#### DIRECTIONS:
Go to the line in the entries below that holds "by apply/matrixP => i" and repeat exactly from there through the line that holds "Proof. by rewrite", inclusive.

━━━ GIVEN INFORMATION

(* Let $\mathcal{M}=(S,A,\Delta,T)$ be a \~pMDP that is isomorphic to its MEC-quotient $\mathcal{M}_{/\mathrm{MEC}}$, with graph $(V,E)$. Then for every graph-preserving valuation $\mathsf{val}$ and every $(s,a)\in S\times A$ with $(s,a)\trianglelefteq (sE\setminus\{(s,a)\})$, we have $\max_\sigma \mathbb{P}^{s}_{\mathcal{M}^\sigma_{\mathsf{val}}}[\Diamond\mathit{fin}]=\max_{\sigma'}\mathbb{P}^{s}_{\mathcal{N}^{\sigma'}_{\mathsf{val}}}[\Diamond\mathit{fin}]$, where $\mathcal{N}=(S,A,\Delta\setminus\{(s,a,s')\in\Delta\mid s'\in S\},T)$ is obtained by removing all transitions of the pair $(s,a)$.
   Context: A \~pMDP is $(S,A,\Delta,T)$ with finite states $S$, actions $A$, targets $T=\{\mathit{fin},\mathit{fail}\}$ (no outgoing transitions), and transitions $\Delta\subseteq(S\setminus T)\times A\times S$. Graph: $V=S\cup((S\setminus T)\times A)$, edge $((s,a),s')$ iff $(s,a,s')\in\Delta$, edge $(s,(s,a))$ iff $(s,a,s')\in\Delta$ for some $s'\ne\mathit{fail}$; $vE$ is the successor set. A graph-preserving valuation $\mathsf{val}$ assigns to each state-action pair a full-support probability distribution on its $\Delta$-successors. A strategy and $\mathsf{val}$ induce a Markov chain $\mathcal{M}^\sigma_{\mathsf{val}}$; $\mathbb{P}^s[\Diamond\mathit{fin}]$ is the probability of reaching $\mathit{fin}$ from $s$. Values: $\mathrm{Rew}^*_{\mathsf{val}}(s)=\max_\sigma\mathbb{P}^s[\Diamond\mathit{fin}]$ for states, and for $(s,a)$, $\mathrm{Rew}^*_{\mathsf{val}}((s,a))=\sum_{s'}\mathsf{val}_{(s,a)}(s')\mathrm{Rew}^*_{\mathsf{val}}(s')$. For $v\in V,W\subseteq V$: $v\trianglelefteq W$ iff for every graph-preserving $\mathsf{val}$ some $w\in W$ has $\mathrm{Rew}^*_{\mathsf{val}}(v)\le\mathrm{Rew}^*_{\mathsf{val}}(w)$. A sub-MDP is a pair $(P,B)$ with $P\subseteq S$, $B$ a set of pairs $(p,a)$ with $(p,(p,a))\in E$, such that every $p\in P$ has some $(p,a)\in B$ and every $\Delta$-successor of every $(p,a)\in B$ lies in $P$. An end component is a sub-MDP whose induced subgraph on $P\cup B$ is strongly connected; a MEC is an end component $(P,B)$ such that no other end component $(P',B')$ has $B\subseteq B'$. For $s\in S$, $[s]$ denotes $P$ if $s$ lies in a (unique) MEC $(P,B)$ and $\{s\}$ otherwise. The MEC-quotient is $\mathcal{M}_{/\mathrm{MEC}}=(S',A,\Delta',T')$ with $S'=\{[s]\mid s\in S\}$, $T'=\{[t]\mid t\in T\}$ and $\Delta'=\{([s],a,[s'])\mid (s,a,s')\in\Delta,\ [s]\neq[s']\}$. *)

From HB Require Import structures.
From mathcomp Require Import all_boot all_order all_algebra.
From mathcomp Require Import classical_sets boolp reals.
Set Implicit Arguments. Unset Strict Implicit. Unset Printing Implicit Defensive.
Import Order.TTheory GRing.Theory Num.Theory.
Local Open Scope ring_scope.
Local Open Scope classical_set_scope.

(* A ~pMDP on finite states S and finite actions A with targets fin, fail is
   given by its transition relation d : S -> A -> S -> bool ((s,a,s') ∈ Δ). *)
Definition is_pMDP (S A : finType) (fin fail : S) (d : S -> A -> S -> bool) :=
  fin != fail /\ forall s a s', d s a s' -> (s != fin) && (s != fail).
(* Let $D$ be a sqrt-bounded degree function and consider a GSAT maintained under get, insert and delete operations with counter-based rebuilding. Not counting the time of searching inside a node, the amortized cost of an insert, delete or get operation is $O(\log m)$; that is, the total cost of the first $m$ operations is $O(m\log m)$.
   Context: A function $f$ is sqrt-bounded if $f(m)\ge 1$ for all $m$ and there is a constant $M^*$ with $f(m)\le\max(\sqrt m,M^* )$ for all $m$. A Generic Self-Adjusting Tree (GSAT) with degree function $D$ for a set of integer keys $X=\{x_1<\dots<x_n\}$ with access counts $ac_i\ge1$ consists of $m=\sum_i ac_i$, an array of $k\le\lceil D(m)\rceil$ representative keys $x_{i_1}<\dots<x_{i_k}$ with their access counts, and $k+1$ child subtrees that are GSATs for the keys strictly before $x_{i_1}$, strictly between consecutive representatives, and strictly after $x_{i_k}$. For a subtree $T'$, $m(T')$ is the total access count of keys in $T'$. A GSAT is ideal if each child $T_j$ of the root satisfies $m(T_j)\le m/(D(m)+1)$ and each child is ideal. Dynamic operations: each node $v$ (root of subtree $T_v$) has a counter $C(v)$ and a value $im(T_v)$ equal to $m(T_v)$ at the time $T_v$ was last (re)built. An operation get/insert/delete on key $x$ walks down from the root along the search path of $x$, increments $C(v)$ for every visited node and increments the access count of $x$ if found; insert of an absent key creates a new node holding $x$ with access count 1 attached as a child of the last visited node; delete only marks the key. Afterwards, among the visited nodes $v$ with $C(v)>im(T_v)/4$, the one $u$ of minimum depth (if any) is chosen and $T_u$ is rebuilt into an ideal GSAT for its unmarked keys with their current access counts, counters set to $0$ and $im$ values reset. Cost of an operation: number of visited nodes plus, if a rebuild happens, $O(m(T_u))$ for rebuilding $T_u$. *)

From Stdlib Require Import Reals Lra Lia ZArith Arith List Sorting.Sorted Permutation.
Import ListNotations.
Open Scope R_scope.

Definition sqrt_bounded (D : nat -> R) : Prop :=
  (forall m, 1 <= D m) /\
  exists Mstar : R, forall m, D m <= Rmax (sqrt (INR m)) Mstar.

(** ceiling of a real: ceil x = - floor (- x), with floor y = up y - 1. *)
Definition Rceil (x : R) : Z := (1 - up (- x))%Z.

Record rep := mkRep { key : Z; ac : nat; marked : bool }.

(** A node stores its representatives (left to right), its children
    (one more than representatives), its counter C(v) and im(T_v). *)
Inductive gsat : Type :=
| Leaf : gsat
| Node (reps : list rep) (children : list gsat) (cnt : nat) (im : nat) : gsat.

Fixpoint mass (t : gsat) : nat :=
  match t with
  | Leaf => 0
  | Node rs ch _ _ =>
      list_sum (map ac rs) +
      (fix go (l : list gsat) : nat :=
         match l with [] => 0 | c :: l' => (mass c + go l')%nat end) ch
  end%nat.

Fixpoint all_reps (t : gsat) : list rep :=
  match t with
  | Leaf => []
  | Node rs ch _ _ =>
      rs ++ (fix go (l : list gsat) : list rep :=
               match l with [] => [] | c :: l' => all_reps c ++ go l' end) ch
  end.

Definition all_keys (t : gsat) : list Z := map key (all_reps t).

Definition above (lo : option Z) (y : Z) : Prop :=
  match lo with None => True | Some a => (a < y)%Z end.
Definition below (hi : option Z) (y : Z) : Prop :=
  match hi with None => True | Some b => (y < b)%Z end.
(* Let $\mathcal{R}$ be a fusion ring with basis $\{x_1=1,\ldots,x_m\}$ and fusion matrices $M_j$. Then the primary $2$-matrix is positive semidefinite: \[ \sum_{j=1}^m M_j\otimes M_j\geq0. \]
   Context: A fusion ring is a ring $\mathcal{R}$ which is a free $\mathbb{Z}$-module with a finite basis $\{x_1=1,\ldots,x_m\}$ such that $x_ix_j=\sum_k N_{ij}^k x_k$ with $N_{ij}^k\in\mathbb{N}$; there is an involution $i\mapsto i^*$ whose $\mathbb{Z}$-linear extension is an anti-involution of $\mathcal{R}$; and the coefficient of $x_1$ in $x_ix_j$ equals $\delta_{i,j^*}$. The fusion matrix of $x_j$ is $(M_j)_{k,i}=N_{ji}^k$; $\otimes$ is the Kronecker product. *)

From HB Require Import structures.
From mathcomp Require Import all_boot all_order all_algebra all_field.
From mathcomp Require Import mxtens.
Set Implicit Arguments. Unset Strict Implicit. Unset Printing Implicit Defensive.
Import Order.TTheory GRing.Theory Num.Theory.
Local Open Scope ring_scope.

(* A fusion ring of rank m.+1 with basis x_0 = 1, x_1, ..., x_m (0-indexed),
   given by its structure constants N i j k = N_{ij}^k (coefficient of x_k in
   x_i x_j) and the involution star. *)
Record fusion_ring (m : nat) := FusionRing {
  fr_N : 'I_m.+1 -> 'I_m.+1 -> 'I_m.+1 -> nat;
  fr_star : 'I_m.+1 -> 'I_m.+1;
  fr_assoc : forall i j l p : 'I_m.+1,
    (\sum_(k < m.+1) fr_N i j k * fr_N k l p =
     \sum_(k < m.+1) fr_N j l k * fr_N i k p)%N;
  fr_unitl : forall j k : 'I_m.+1, fr_N ord0 j k = (j == k) :> nat;
  fr_unitr : forall j k : 'I_m.+1, fr_N j ord0 k = (j == k) :> nat;
  fr_star_invol : forall i, fr_star (fr_star i) = i;
  fr_star_anti : forall i j k : 'I_m.+1,
    fr_N i j k = fr_N (fr_star j) (fr_star i) (fr_star k);
  fr_unit_coef : forall i j : 'I_m.+1, fr_N i j ord0 = (i == fr_star j) :> nat
}.

Definition fusion_matrix m (F : fusion_ring m) (j : 'I_m.+1) : 'M[algC]_m.+1 :=
  \matrix_(k, i) ((fr_N F j i k)%:R).

Definition psd n (A : 'M[algC]_n) : Prop :=
  (map_mx Num.conj A)^T = A /\
  forall v : 'cV[algC]_n, 0 <= ((map_mx Num.conj v)^T *m A *m v) ord0 ord0.

From mathcomp Require Import all_boot all_order all_algebra all_field.
From mathcomp Require Import mxtens.
Set Implicit Arguments. Unset Strict Implicit. Unset Printing Implicit Defensive.
Import Order.TTheory GRing.Theory Num.Theory.
Local Open Scope ring_scope.

(* Frobenius reciprocity N_{ij}^k = N_{i^* k}^j = N_{k j^*}^i, together with
   associativity, gives sum_j N_{ji}^k N_{jp}^l = sum_q N_{kq}^l N_{iq}^p.
   Hence sum_j M_j (x) M_j = B B^T for the nonnegative integer matrix
   B_{(k,l),q} = N_{kq}^l, and a Gram matrix B B^* is positive semidefinite. *)

Lemma psd_mulmx_adj n p (B : 'M[algC]_(n, p)) :
  psd (B *m (map_mx Num.conj B)^T).
Proof.
have conjK (A : 'M[algC]_(n, p)) : map_mx Num.conj (map_mx Num.conj A) = A.
  by apply/matrixP => i j; rewrite !mxE conjCK.
split; first by rewrite map_mxM -map_trmx conjK trmx_mul trmxK.
move=> v; set w := (map_mx Num.conj B)^T *m v.
have -> : (map_mx Num.conj v)^T *m (B *m (map_mx Num.conj B)^T) *m v
          = (map_mx Num.conj w)^T *m w.
  by rewrite /w map_mxM -map_trmx conjK trmx_mul trmxK !mulmxA.
rewrite mxE; apply: sumr_ge0 => q _; rewrite !mxE mulrC.
exact: mul_conjC_ge0.
Qed.

Section FusionCoefficients.
Variables (m : nat) (F : fusion_ring m).
Local Notation N := (fr_N F).
Local Notation st := (fr_star F).

Lemma fr_N_rot i j k : N i j (st k) = N j k (st i).
Proof.
have := fr_assoc F i j k ord0.
under eq_bigr => r _ do rewrite fr_unit_coef mulnbr.
under [X in _ = X -> _]eq_bigr => r _ do rewrite fr_unit_coef mulnbr.
have eq_st r : (i == st r) = (r == st i).
  by apply/eqP/eqP => ->; rewrite fr_star_invol.
under [X in _ = X -> _]eq_bigr => r _ do rewrite eq_st.
by rewrite -!big_mkcond !big_pred1_eq.
Qed.

Lemma fr_N_starl i j k : N (st j) i k = N i (st k) j.
Proof. by rewrite -[in LHS](fr_star_invol F k) fr_N_rot fr_star_invol. Qed.

Lemma fr_N_starl_swap i j k : N (st j) i k = N j k i.
Proof.
by rewrite fr_N_starl fr_star_anti fr_star_invol -fr_N_rot !fr_star_invol.
Qed.

Lemma fr_N_gram i k p l :
  (\sum_(j < m.+1) N j i k * N j p l = \sum_(q < m.+1) N k q l * N i q p)%N.
Proof.
rewrite (reindex_inj (can_inj (fr_star_invol F))) /=.
under eq_bigr => j _ do rewrite fr_N_starl fr_N_starl_swap.
by rewrite fr_assoc; apply: eq_bigr => q _; rewrite fr_N_starl_swap.
Qed.

Definition fusion_gram : 'M[algC]_(m.+1 * m.+1, m.+1) :=
  \matrix_(a, q) (N (mxtens_unindex a).1 q (mxtens_unindex a).2)%:R.

Lemma conj_fusion_gram : map_mx Num.conj fusion_gram = fusion_gram.
Proof. by apply/matrixP => a q; rewrite !mxE conjC_nat. Qed.

Lemma sum_tensmx_fusion_matrix :
  \sum_(j < m.+1) tensmx (fusion_matrix F j) (fusion_matrix F j)
  = fusion_gram *m fusion_gram^T.
Proof.
apply/matrixP => a b; rewrite summxE !mxE.
under eq_bigr => j _ do rewrite !mxE -natrM.
under [RHS]eq_bigr => q _ do rewrite !mxE -natrM.
by rewrite -!natr_sum fr_N_gram.
Qed.

End FusionCoefficients.

Theorem mainTheorem16 (m : nat) (F : fusion_ring m) :
  psd (\sum_(j < m.+1) tensmx (fusion_matrix F j) (fusion_matrix F j)).
Proof.
rewrite sum_tensmx_fusion_matrix -[in X in _ *m X^T]conj_fusion_gram.
exact: psd_mulmx_adj.
Qed.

━━━━━━

#### TASK SOLUTION:
  by apply/matrixP => i j; rewrite !mxE conjCK.
split; first by rewrite map_mxM -map_trmx conjK trmx_mul trmxK.
move=> v; set w := (map_mx Num.conj B)^T *m v.
have -> : (map_mx Num.conj v)^T *m (B *m (map_mx Num.conj B)^T) *m v
          = (map_mx Num.conj w)^T *m w.
  by rewrite /w map_mxM -map_trmx conjK trmx_mul trmxK !mulmxA.
rewrite mxE; apply: sumr_ge0 => q _; rewrite !mxE mulrC.
exact: mul_conjC_ge0.
Qed.

Section FusionCoefficients.
Variables (m : nat) (F : fusion_ring m).
Local Notation N := (fr_N F).
Local Notation st := (fr_star F).

Lemma fr_N_rot i j k : N i j (st k) = N j k (st i).
Proof.
have := fr_assoc F i j k ord0.
under eq_bigr => r _ do rewrite fr_unit_coef mulnbr.
under [X in _ = X -> _]eq_bigr => r _ do rewrite fr_unit_coef mulnbr.
have eq_st r : (i == st r) = (r == st i).
  by apply/eqP/eqP => ->; rewrite fr_star_invol.
under [X in _ = X -> _]eq_bigr => r _ do rewrite eq_st.
by rewrite -!big_mkcond !big_pred1_eq.
Qed.

Lemma fr_N_starl i j k : N (st j) i k = N i (st k) j.
Proof. by rewrite -[in LHS](fr_star_invol F k) fr_N_rot fr_star_invol. Qed.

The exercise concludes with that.